(* Under the setting of the context, if (TS1) holds and $u$ is the solution of problem (P), then $$\int_0^\infty u(x,t)\,\Delta t=\int_0^\infty u(0,t)\,\Delta t=\frac{A\mu_x}{k}\quad\text{for all }x\in\mu_x\mathbb{N}_0.$$
   Context: A time scale $\mathbb{T}$ is a nonempty closed subset of $\mathbb{R}$; here $\min\mathbb{T}=0$ and $\sup\mathbb{T}=+\infty$. $\sigma(t)=\inf\{s\in\mathbb{T}:s>t\}$ is the forward jump and $\mu_t(t)=\sigma(t)-t$ the graininess; $u^{\Delta_t}$ denotes the (Hilger) delta derivative in $t$ and $\int\cdot\,\Delta t$ the delta integral, with $\int_0^\infty=\lim_{T\to\infty}\int_0^T$. Fix $A>0$, $k>0$, $\mu_x>0$, $\Omega=\mu_x\mathbb{Z}\times\mathbb{T}$, $\mu_x\mathbb{N}_0=\{0,\mu_x,2\mu_x,\dots\}$. Problem (P): $u^{\Delta_t}(x,t)+k\frac{u(x,t)-u(x-\mu_x,t)}{\mu_x}=0$ for $(x,t)\in\Omega$, $u(0,0)=A$, $u(x,0)=0$ for $x\ne0$. A solution is $u:\Omega\to\mathbb{R}$ with each $u(x,\cdot)$ delta differentiable on $\mathbb{T}$, satisfying (P), and bounded on $\mu_x\mathbb{Z}\times(\mathbb{T}\cap[0,T_0])$ for every $T_0>0$. Condition (TS1): $1-\frac{k\mu_t(t)}{\mu_x}>0$ for all $t\in\mathbb{T}$. *)

From Stdlib Require Import Reals ClassicalEpsilon.
Open Scope R_scope.

Definition is_time_scale (T : R -> Prop) : Prop :=
  (* closed subset of R *)
  (forall x, (forall eps, 0 < eps -> exists y, T y /\ Rabs (y - x) < eps) -> T x)
  /\ T 0 /\ (forall t, T t -> 0 <= t)
  /\ (forall M, exists t, T t /\ M < t).

Definition is_inf (E : R -> Prop) (s : R) : Prop :=
  (forall r, E r -> s <= r) /\ (forall m, (forall r, E r -> m <= r) -> m <= s).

▶ _Exercise instructions_: All lines above with "forall" in them should be returned.

▶ _Written solution_:
  (forall x, (forall eps, 0 < eps -> exists y, T y /\ Rabs (y - x) < eps) -> T x)
  /\ T 0 /\ (forall t, T t -> 0 <= t)
  /\ (forall M, exists t, T t /\ M < t).
  (forall r, E r -> s <= r) /\ (forall m, (forall r, E r -> m <= r) -> m <= s).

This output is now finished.